(* Let $\mathcal{V}$ be a finite set with $|\mathcal{V}|\ge 2$, and for a logit vector $\boldsymbol{z}\in\mathbb{R}^{|\mathcal{V}|}$ let $\pi_{\boldsymbol{z}}(a)=\frac{\exp z_a}{\sum_{a'\in\mathcal{V}}\exp z_{a'}}$. (i) For any fixed target action $a\in\mathcal{V}$, the SFT loss $\mathcal{L}_{\text{SFT}}(\boldsymbol{z})=-\log\pi_{\boldsymbol{z}}(a)$ is a convex function of $\boldsymbol{z}\in\mathbb{R}^{|\mathcal{V}|}$ (its Hessian in $\boldsymbol{z}$ is positive semi-definite everywhere). (ii) Fix a sampled action $a\in\mathcal{V}$, a behavioral probability $\pi_{\text{old}}(a)\in(0,1]$, an advantage value $A\neq 0$ and a clip range $\epsilon\in(0,1)$. Let $r(\boldsymbol{z})=\pi_{\boldsymbol{z}}(a)/\pi_{\text{old}}(a)$ and $$\mathcal{L}_{\text{PPO}}(\boldsymbol{z})=-\min\bigl(r(\boldsymbol{z})A,\ \mathrm{clip}(r(\boldsymbol{z}),1-\epsilon,1+\epsilon)A\bigr),$$ where $\mathrm{clip}(x,l,u)=\min(\max(x,l),u)$. Then $\mathcal{L}_{\text{PPO}}$ is not a convex function of $\boldsymbol{z}$: its Hessian with respect to $\boldsymbol{z}$ fails to be positive semi-definite at some points where it is twice differentiable.
   Context: A loss taking logits $\boldsymbol{z}$ as input is called logits convex if its Hessian with respect to $\boldsymbol{z}$ is positive semi-definite. The losses here are the single-time-step versions of the SFT negative log-likelihood and the PPO clipped surrogate objective. *)

From HB Require Import structures.
From mathcomp Require Import all_boot all_order all_algebra.
From mathcomp Require Import all_classical all_reals all_analysis.
Set Implicit Arguments. Unset Strict Implicit. Unset Printing Implicit Defensive.
Import Order.TTheory GRing.Theory Num.Theory.
Import numFieldNormedType.Exports.
Local Open Scope ring_scope.

Definition softmax (R : realType) (n : nat) (z : 'rV[R]_n) (a : 'I_n) : R :=
  expR (z 0 a) / \sum_(b < n) expR (z 0 b).

Definition sft_loss (R : realType) (n : nat) (a : 'I_n) (z : 'rV[R]_n) : R :=
  - ln (softmax z a).

Definition clip (R : realType) (x l u : R) : R := Num.min (Num.max x l) u.

Definition ppo_loss (R : realType) (n : nat) (a : 'I_n) (piold A eps : R)
    (z : 'rV[R]_n) : R :=
  let r := softmax z a / piold in
  - Num.min (r * A) (clip r (1 - eps) (1 + eps) * A).

Definition basis_vec (R : realType) (n : nat) (j : 'I_n) : 'rV[R]_n :=
  delta_mx 0 j.

Definition grad (R : realType) (n : nat) (f : 'rV[R]_n -> R) (z : 'rV[R]_n)
  : 'rV[R]_n := \row_j ('D_(basis_vec R j) f) z.

Definition hessian (R : realType) (n : nat) (f : 'rV[R]_n -> R) (z : 'rV[R]_n)
  : 'M[R]_n := \matrix_(i, j) ('D_(basis_vec R i) ('D_(basis_vec R j) f)) z.

Definition twice_differentiable (R : realType) (n : nat) (f : 'rV[R]_n -> R)
    (z : 'rV[R]_n) : Prop :=
  (\forall x \near z, differentiable f x) /\ differentiable (grad f) z.

Definition psd (R : realType) (n : nat) (M : 'M[R]_n) : Prop :=
  forall v : 'rV[R]_n, 0 <= (v *m M *m v^T) 0 0.

(* The Hessian of -log softmax_a is diag(p) - p p^T with p = softmax z, the
   covariance matrix of the categorical distribution p, hence positive
   semi-definite.  For PPO, where the ratio lies strictly on the unclipped side
   (below 1 + eps if A > 0, above 1 - eps if A < 0), the loss coincides near z
   with -(A / piold) p_a, whose (a, a) second derivative is
   -(A / piold) p_a (1 - p_a) (1 - 2 p_a).  Logits with p_a < 1/2 (if A > 0) or
   p_a > 1/2 (if A < 0) inside that region make this diagonal entry negative. *)
From HB Require Import structures.
From mathcomp Require Import all_boot all_order all_algebra.
From mathcomp Require Import all_classical all_reals all_analysis.
From mathcomp Require Import ring lra.
Set Implicit Arguments. Unset Strict Implicit. Unset Printing Implicit Defensive.
Import Order.TTheory GRing.Theory Num.Theory.
Import numFieldNormedType.Exports.
Local Open Scope ring_scope.

Section NearEq.
Variables (R : realType) (V W : normedModType R).

Lemma near0_differentiable (h : V -> W) x : {near x, h =1 0} ->
  differentiable h x.
Proof.
move=> h0.
have hx : h x = 0 by apply: nbhs_singleton h0.
have E : h \o shift x = cst (h x) + \0 +o_ 0 id.
  apply/eqaddoP => e e0 /=.
  rewrite (near_shift 0 x) in h0.
  move: h0; apply: filterS => y /=; rewrite subr0 => hy.
  by rewrite !fctE /= hx hy addr0 subr0 normr0 mulr_ge0 // ltW.
have dh0 : 'd h x = \0 :> (V -> W).
  by apply/diff_unique => //; exact: cst_continuous.
by apply/diff_locallyP; rewrite dh0; split => //; exact: cst_continuous.
Qed.

Lemma near_eq_differentiable (f g : V -> W) x : {near x, f =1 g} ->
  differentiable f x -> differentiable g x.
Proof.
move=> fg df.
have -> : g = f + (g - f) by apply/funext => y; rewrite !fctE addrC subrK.
apply: differentiableD => //; apply: near0_differentiable.
by move: fg; apply: filterS => y fy; rewrite !fctE fy subrr.
Qed.

End NearEq.

Section Partials.
Variables (R : realType) (n : nat).
Implicit Types (f : 'rV[R]_n -> R) (x v z : 'rV[R]_n).

Lemma basis_vecE (i b : 'I_n) : basis_vec R i 0 b = (b == i)%:R.
Proof. by rewrite /basis_vec mxE eqxx. Qed.

Lemma sumr_delta (F : 'I_n -> R) i : \sum_(b < n) (b == i)%:R * F b = F i.
Proof. by under eq_bigr do rewrite mulr_natl mulrb; rewrite -big_mkcond big_pred1_eq. Qed.

Lemma derive_coord x v j : 'D_v (fun y : 'rV[R]_n => y 0 j) x = v 0 j.
Proof.
have := @derive_mx R _ 1 n id x v (@derivable_id _ _ x v).
by rewrite derive_id => /(congr1 (fun M : 'M[R]_(1, n) => M 0 j)); rewrite mxE.
Qed.

Lemma twice_differentiable_near_eq f g z : {near z, f =1 g} ->
  twice_differentiable f z -> twice_differentiable g z /\ hessian f z = hessian g z.
Proof.
move=> fg [df dgradf].
have fg_near : \forall x \near z, {near x, f =1 g} := nbhs_interior fg.
have Dfg j : {near z, 'D_(basis_vec R j) f =1 'D_(basis_vec R j) g}.
  by move: fg_near; apply: filterS => x; exact: near_eq_derive.
split; first split.
- by apply: filterS2 fg_near df => x; exact: near_eq_differentiable.
- apply: near_eq_differentiable dgradf; move: fg_near; apply: filterS => x fgx.
  by apply/rowP => j; rewrite !mxE; exact: near_eq_derive.
- by apply/matrixP => i j; rewrite !mxE; apply: near_eq_derive; exact: Dfg.
Qed.

Lemma twice_differentiable_partials f (d : 'I_n -> 'rV[R]_n -> R) z :
  (forall x, differentiable f x) -> (forall j, 'D_(basis_vec R j) f = d j) ->
  (forall j, differentiable (d j) z) ->
  twice_differentiable f z /\
  hessian f z = \matrix_(i, j) 'D_(basis_vec R i) (d j) z.
Proof.
move=> df Df dd; split; last by apply/matrixP => i j; rewrite !mxE Df.
split; first exact: filterE.
have -> : grad f = \sum_(j < n) (fun x => d j x *: basis_vec R j).
  rewrite fct_sumE; apply/funext => x; rewrite [LHS]row_sum_delta.
  by apply: eq_bigr => j _; rewrite mxE -Df.
by apply: differentiable_sum => j; exact: differentiableZl.
Qed.

Lemma quad_formE (M : 'M[R]_n) v :
  (v *m M *m v^T) 0 0 = \sum_i \sum_j v 0 i * M i j * v 0 j.
Proof.
rewrite mxE [RHS]exchange_big; apply: eq_bigr => j _.
by rewrite !mxE mulr_suml.
Qed.

Lemma psd_diag_ge0 (M : 'M[R]_n) i : psd M -> 0 <= M i i.
Proof. by move=> /(_ (basis_vec R i)); rewrite /basis_vec -rowE trmx_delta -colE !mxE. Qed.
● ● ●
-- TASK PROMPT --
From the records above, extract exactly and only the lines that begin at the line with "Definition basis_vec (R" and stop after the line with "Lemma near_eq_differentiable (f".

-- RESPONSE AREA --
Definition basis_vec (R : realType) (n : nat) (j : 'I_n) : 'rV[R]_n :=
  delta_mx 0 j.

Definition grad (R : realType) (n : nat) (f : 'rV[R]_n -> R) (z : 'rV[R]_n)
  : 'rV[R]_n := \row_j ('D_(basis_vec R j) f) z.

Definition hessian (R : realType) (n : nat) (f : 'rV[R]_n -> R) (z : 'rV[R]_n)
  : 'M[R]_n := \matrix_(i, j) ('D_(basis_vec R i) ('D_(basis_vec R j) f)) z.

Definition twice_differentiable (R : realType) (n : nat) (f : 'rV[R]_n -> R)
    (z : 'rV[R]_n) : Prop :=
  (\forall x \near z, differentiable f x) /\ differentiable (grad f) z.

Definition psd (R : realType) (n : nat) (M : 'M[R]_n) : Prop :=
  forall v : 'rV[R]_n, 0 <= (v *m M *m v^T) 0 0.

(* The Hessian of -log softmax_a is diag(p) - p p^T with p = softmax z, the
   covariance matrix of the categorical distribution p, hence positive
   semi-definite.  For PPO, where the ratio lies strictly on the unclipped side
   (below 1 + eps if A > 0, above 1 - eps if A < 0), the loss coincides near z
   with -(A / piold) p_a, whose (a, a) second derivative is
   -(A / piold) p_a (1 - p_a) (1 - 2 p_a).  Logits with p_a < 1/2 (if A > 0) or
   p_a > 1/2 (if A < 0) inside that region make this diagonal entry negative. *)
From HB Require Import structures.
From mathcomp Require Import all_boot all_order all_algebra.
From mathcomp Require Import all_classical all_reals all_analysis.
From mathcomp Require Import ring lra.
Set Implicit Arguments. Unset Strict Implicit. Unset Printing Implicit Defensive.
Import Order.TTheory GRing.Theory Num.Theory.
Import numFieldNormedType.Exports.
Local Open Scope ring_scope.

Section NearEq.
Variables (R : realType) (V W : normedModType R).

Lemma near0_differentiable (h : V -> W) x : {near x, h =1 0} ->
  differentiable h x.
Proof.
move=> h0.
have hx : h x = 0 by apply: nbhs_singleton h0.
have E : h \o shift x = cst (h x) + \0 +o_ 0 id.
  apply/eqaddoP => e e0 /=.
  rewrite (near_shift 0 x) in h0.
  move: h0; apply: filterS => y /=; rewrite subr0 => hy.
  by rewrite !fctE /= hx hy addr0 subr0 normr0 mulr_ge0 // ltW.
have dh0 : 'd h x = \0 :> (V -> W).
  by apply/diff_unique => //; exact: cst_continuous.
by apply/diff_locallyP; rewrite dh0; split => //; exact: cst_continuous.
Qed.

Lemma near_eq_differentiable (f g : V -> W) x : {near x, f =1 g} ->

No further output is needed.